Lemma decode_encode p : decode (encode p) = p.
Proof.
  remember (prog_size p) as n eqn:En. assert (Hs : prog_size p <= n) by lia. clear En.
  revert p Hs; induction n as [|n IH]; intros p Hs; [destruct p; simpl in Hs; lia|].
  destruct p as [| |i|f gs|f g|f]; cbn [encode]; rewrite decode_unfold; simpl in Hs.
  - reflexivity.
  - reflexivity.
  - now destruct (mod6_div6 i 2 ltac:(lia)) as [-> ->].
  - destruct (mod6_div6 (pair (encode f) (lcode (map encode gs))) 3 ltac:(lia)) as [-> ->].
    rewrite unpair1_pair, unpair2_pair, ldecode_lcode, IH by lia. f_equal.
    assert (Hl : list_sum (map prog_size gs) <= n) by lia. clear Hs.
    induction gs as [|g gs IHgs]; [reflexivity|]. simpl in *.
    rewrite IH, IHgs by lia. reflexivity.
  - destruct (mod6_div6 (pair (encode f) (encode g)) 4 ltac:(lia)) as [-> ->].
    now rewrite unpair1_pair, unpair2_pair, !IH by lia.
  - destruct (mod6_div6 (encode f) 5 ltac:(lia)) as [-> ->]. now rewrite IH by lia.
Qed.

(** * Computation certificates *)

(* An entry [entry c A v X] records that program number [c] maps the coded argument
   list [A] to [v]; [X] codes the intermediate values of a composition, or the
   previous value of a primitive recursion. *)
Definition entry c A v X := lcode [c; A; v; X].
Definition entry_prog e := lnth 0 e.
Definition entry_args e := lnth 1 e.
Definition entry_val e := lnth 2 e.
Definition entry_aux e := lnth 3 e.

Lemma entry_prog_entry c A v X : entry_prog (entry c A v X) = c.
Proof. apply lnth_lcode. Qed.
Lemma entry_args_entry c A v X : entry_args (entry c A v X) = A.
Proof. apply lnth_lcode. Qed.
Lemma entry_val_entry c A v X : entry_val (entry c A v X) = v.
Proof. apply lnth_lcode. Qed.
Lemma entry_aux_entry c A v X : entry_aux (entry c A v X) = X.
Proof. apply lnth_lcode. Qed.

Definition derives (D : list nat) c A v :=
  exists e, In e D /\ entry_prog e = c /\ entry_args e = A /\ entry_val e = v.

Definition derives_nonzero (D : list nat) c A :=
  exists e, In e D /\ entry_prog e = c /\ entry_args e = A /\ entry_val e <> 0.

+--

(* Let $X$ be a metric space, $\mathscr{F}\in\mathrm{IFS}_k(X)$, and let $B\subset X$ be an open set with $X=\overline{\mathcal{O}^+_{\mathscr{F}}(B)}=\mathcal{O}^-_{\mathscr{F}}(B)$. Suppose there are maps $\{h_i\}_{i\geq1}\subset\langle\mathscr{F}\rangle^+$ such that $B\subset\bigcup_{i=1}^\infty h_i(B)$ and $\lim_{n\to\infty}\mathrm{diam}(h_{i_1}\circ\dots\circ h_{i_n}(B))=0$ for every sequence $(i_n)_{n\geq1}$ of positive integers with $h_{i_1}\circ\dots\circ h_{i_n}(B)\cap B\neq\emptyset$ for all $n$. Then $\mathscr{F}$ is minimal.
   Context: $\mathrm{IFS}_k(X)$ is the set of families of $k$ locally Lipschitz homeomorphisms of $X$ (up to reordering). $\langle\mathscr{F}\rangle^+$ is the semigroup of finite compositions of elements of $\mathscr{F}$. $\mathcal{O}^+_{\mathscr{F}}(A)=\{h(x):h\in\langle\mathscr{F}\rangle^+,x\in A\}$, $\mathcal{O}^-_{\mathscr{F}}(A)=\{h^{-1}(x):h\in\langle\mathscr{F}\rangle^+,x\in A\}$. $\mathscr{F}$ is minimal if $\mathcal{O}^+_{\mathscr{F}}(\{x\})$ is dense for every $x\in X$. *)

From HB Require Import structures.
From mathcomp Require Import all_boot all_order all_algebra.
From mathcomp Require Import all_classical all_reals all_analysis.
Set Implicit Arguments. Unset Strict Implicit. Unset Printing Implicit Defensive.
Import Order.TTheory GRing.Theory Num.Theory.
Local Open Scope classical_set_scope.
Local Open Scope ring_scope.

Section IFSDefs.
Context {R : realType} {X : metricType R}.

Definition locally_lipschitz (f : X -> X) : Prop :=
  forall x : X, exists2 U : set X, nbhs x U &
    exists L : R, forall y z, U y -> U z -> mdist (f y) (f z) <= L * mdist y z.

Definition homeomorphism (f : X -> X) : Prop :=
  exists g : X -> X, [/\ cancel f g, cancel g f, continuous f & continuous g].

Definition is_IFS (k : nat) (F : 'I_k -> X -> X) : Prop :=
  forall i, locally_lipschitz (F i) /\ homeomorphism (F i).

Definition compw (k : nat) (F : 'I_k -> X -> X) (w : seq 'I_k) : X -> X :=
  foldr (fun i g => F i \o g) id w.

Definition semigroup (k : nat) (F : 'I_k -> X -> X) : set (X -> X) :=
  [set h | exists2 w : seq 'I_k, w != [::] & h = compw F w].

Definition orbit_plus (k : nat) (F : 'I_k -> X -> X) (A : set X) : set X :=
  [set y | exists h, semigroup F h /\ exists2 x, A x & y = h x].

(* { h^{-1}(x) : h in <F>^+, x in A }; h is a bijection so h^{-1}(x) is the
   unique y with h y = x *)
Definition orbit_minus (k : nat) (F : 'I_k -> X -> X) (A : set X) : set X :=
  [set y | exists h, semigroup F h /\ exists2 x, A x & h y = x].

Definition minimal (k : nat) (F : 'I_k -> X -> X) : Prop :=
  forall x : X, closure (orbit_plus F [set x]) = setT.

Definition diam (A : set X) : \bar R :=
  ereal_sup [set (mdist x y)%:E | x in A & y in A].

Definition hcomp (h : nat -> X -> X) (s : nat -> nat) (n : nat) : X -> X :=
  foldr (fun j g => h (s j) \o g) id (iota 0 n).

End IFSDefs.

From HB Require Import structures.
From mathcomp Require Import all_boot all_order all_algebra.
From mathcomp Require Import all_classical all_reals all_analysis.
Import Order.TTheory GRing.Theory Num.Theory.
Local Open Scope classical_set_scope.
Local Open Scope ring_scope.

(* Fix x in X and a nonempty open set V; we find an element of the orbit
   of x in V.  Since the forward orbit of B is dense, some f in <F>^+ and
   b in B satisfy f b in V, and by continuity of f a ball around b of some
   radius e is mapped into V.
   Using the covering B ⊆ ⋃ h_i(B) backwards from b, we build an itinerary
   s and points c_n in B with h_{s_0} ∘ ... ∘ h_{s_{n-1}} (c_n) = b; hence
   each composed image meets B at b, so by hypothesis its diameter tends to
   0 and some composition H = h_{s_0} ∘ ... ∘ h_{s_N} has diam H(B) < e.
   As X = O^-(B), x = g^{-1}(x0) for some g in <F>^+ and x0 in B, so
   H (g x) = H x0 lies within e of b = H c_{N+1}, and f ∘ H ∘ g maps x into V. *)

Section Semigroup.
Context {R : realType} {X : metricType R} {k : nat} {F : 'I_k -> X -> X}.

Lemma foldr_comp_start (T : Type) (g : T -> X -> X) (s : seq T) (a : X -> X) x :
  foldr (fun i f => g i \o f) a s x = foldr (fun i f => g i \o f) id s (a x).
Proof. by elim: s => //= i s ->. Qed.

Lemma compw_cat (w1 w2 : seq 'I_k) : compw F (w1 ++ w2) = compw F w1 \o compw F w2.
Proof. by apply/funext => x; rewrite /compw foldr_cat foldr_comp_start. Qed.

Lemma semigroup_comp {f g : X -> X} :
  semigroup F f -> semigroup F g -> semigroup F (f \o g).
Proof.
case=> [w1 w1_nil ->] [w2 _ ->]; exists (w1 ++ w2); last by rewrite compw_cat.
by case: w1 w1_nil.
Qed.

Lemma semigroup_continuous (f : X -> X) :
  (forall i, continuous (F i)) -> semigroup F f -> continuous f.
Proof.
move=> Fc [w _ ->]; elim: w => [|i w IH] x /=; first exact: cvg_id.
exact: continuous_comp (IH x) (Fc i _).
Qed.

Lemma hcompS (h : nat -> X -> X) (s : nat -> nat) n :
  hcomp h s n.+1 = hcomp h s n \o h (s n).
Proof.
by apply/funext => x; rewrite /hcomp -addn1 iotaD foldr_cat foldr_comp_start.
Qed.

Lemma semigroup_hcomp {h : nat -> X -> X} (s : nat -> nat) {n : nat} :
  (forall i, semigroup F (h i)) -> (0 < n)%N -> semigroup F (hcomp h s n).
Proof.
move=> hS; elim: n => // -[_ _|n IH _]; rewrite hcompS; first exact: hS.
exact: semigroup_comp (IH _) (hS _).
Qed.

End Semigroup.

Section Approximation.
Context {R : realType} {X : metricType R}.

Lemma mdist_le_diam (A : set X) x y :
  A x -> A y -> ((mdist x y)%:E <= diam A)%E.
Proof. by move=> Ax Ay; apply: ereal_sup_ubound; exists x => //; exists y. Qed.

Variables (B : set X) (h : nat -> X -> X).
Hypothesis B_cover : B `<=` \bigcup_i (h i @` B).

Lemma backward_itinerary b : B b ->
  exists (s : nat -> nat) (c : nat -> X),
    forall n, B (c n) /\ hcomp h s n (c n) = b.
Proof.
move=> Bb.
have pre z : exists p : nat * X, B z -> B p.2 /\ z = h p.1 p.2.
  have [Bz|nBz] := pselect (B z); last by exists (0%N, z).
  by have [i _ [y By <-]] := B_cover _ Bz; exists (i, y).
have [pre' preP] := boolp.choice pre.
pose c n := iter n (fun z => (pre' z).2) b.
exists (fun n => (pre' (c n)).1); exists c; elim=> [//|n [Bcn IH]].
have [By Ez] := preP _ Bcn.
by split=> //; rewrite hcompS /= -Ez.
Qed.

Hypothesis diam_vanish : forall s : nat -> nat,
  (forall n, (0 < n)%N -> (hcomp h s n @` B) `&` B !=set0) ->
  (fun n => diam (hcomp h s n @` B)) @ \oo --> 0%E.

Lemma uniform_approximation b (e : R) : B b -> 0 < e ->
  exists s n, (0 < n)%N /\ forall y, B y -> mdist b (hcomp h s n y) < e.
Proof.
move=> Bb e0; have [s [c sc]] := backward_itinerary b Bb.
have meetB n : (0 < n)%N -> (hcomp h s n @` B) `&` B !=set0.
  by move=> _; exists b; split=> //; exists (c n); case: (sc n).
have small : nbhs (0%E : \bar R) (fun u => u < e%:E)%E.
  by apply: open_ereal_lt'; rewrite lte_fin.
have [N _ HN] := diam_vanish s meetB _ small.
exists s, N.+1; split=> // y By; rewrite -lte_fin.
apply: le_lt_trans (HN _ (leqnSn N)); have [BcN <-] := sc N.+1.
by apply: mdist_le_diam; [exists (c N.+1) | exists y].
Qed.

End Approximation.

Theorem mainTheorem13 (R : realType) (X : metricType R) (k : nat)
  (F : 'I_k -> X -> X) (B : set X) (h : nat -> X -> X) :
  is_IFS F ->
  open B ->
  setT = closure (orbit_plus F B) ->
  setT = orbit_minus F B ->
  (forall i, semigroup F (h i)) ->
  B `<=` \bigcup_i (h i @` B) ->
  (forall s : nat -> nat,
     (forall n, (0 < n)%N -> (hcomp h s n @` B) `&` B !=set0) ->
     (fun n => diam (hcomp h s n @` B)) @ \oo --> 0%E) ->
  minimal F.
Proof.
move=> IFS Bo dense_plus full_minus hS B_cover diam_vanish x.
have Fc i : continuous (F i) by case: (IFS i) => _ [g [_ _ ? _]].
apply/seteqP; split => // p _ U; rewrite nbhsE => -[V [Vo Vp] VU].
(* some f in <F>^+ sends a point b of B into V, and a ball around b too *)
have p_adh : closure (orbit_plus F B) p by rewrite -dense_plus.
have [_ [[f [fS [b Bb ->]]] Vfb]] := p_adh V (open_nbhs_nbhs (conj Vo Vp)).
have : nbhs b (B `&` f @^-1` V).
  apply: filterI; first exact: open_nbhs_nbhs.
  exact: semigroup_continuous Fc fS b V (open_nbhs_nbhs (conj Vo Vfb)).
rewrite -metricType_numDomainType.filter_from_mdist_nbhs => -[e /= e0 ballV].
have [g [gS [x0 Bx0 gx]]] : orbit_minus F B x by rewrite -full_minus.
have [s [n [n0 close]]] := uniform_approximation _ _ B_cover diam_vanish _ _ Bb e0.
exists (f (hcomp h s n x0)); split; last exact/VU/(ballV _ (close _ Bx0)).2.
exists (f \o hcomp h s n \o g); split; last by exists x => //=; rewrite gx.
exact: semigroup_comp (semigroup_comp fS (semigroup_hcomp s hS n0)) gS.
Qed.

+--

■ **TASK GOAL**
Word for word, restate the lines of the data above that fall between the line holding "pose c n := iter n (fun z => (pre' z).2) b." and the line holding "(F : 'I_k -> X -> X) (B", inclusive, and no other lines.

■ **ANSWER AREA**
pose c n := iter n (fun z => (pre' z).2) b.
exists (fun n => (pre' (c n)).1); exists c; elim=> [//|n [Bcn IH]].
have [By Ez] := preP _ Bcn.
by split=> //; rewrite hcompS /= -Ez.
Qed.

Hypothesis diam_vanish : forall s : nat -> nat,
  (forall n, (0 < n)%N -> (hcomp h s n @` B) `&` B !=set0) ->
  (fun n => diam (hcomp h s n @` B)) @ \oo --> 0%E.

Lemma uniform_approximation b (e : R) : B b -> 0 < e ->
  exists s n, (0 < n)%N /\ forall y, B y -> mdist b (hcomp h s n y) < e.
Proof.
move=> Bb e0; have [s [c sc]] := backward_itinerary b Bb.
have meetB n : (0 < n)%N -> (hcomp h s n @` B) `&` B !=set0.
  by move=> _; exists b; split=> //; exists (c n); case: (sc n).
have small : nbhs (0%E : \bar R) (fun u => u < e%:E)%E.
  by apply: open_ereal_lt'; rewrite lte_fin.
have [N _ HN] := diam_vanish s meetB _ small.
exists s, N.+1; split=> // y By; rewrite -lte_fin.
apply: le_lt_trans (HN _ (leqnSn N)); have [BcN <-] := sc N.+1.
by apply: mdist_le_diam; [exists (c N.+1) | exists y].
Qed.

End Approximation.

Theorem mainTheorem13 (R : realType) (X : metricType R) (k : nat)
  (F : 'I_k -> X -> X) (B : set X) (h : nat -> X -> X) :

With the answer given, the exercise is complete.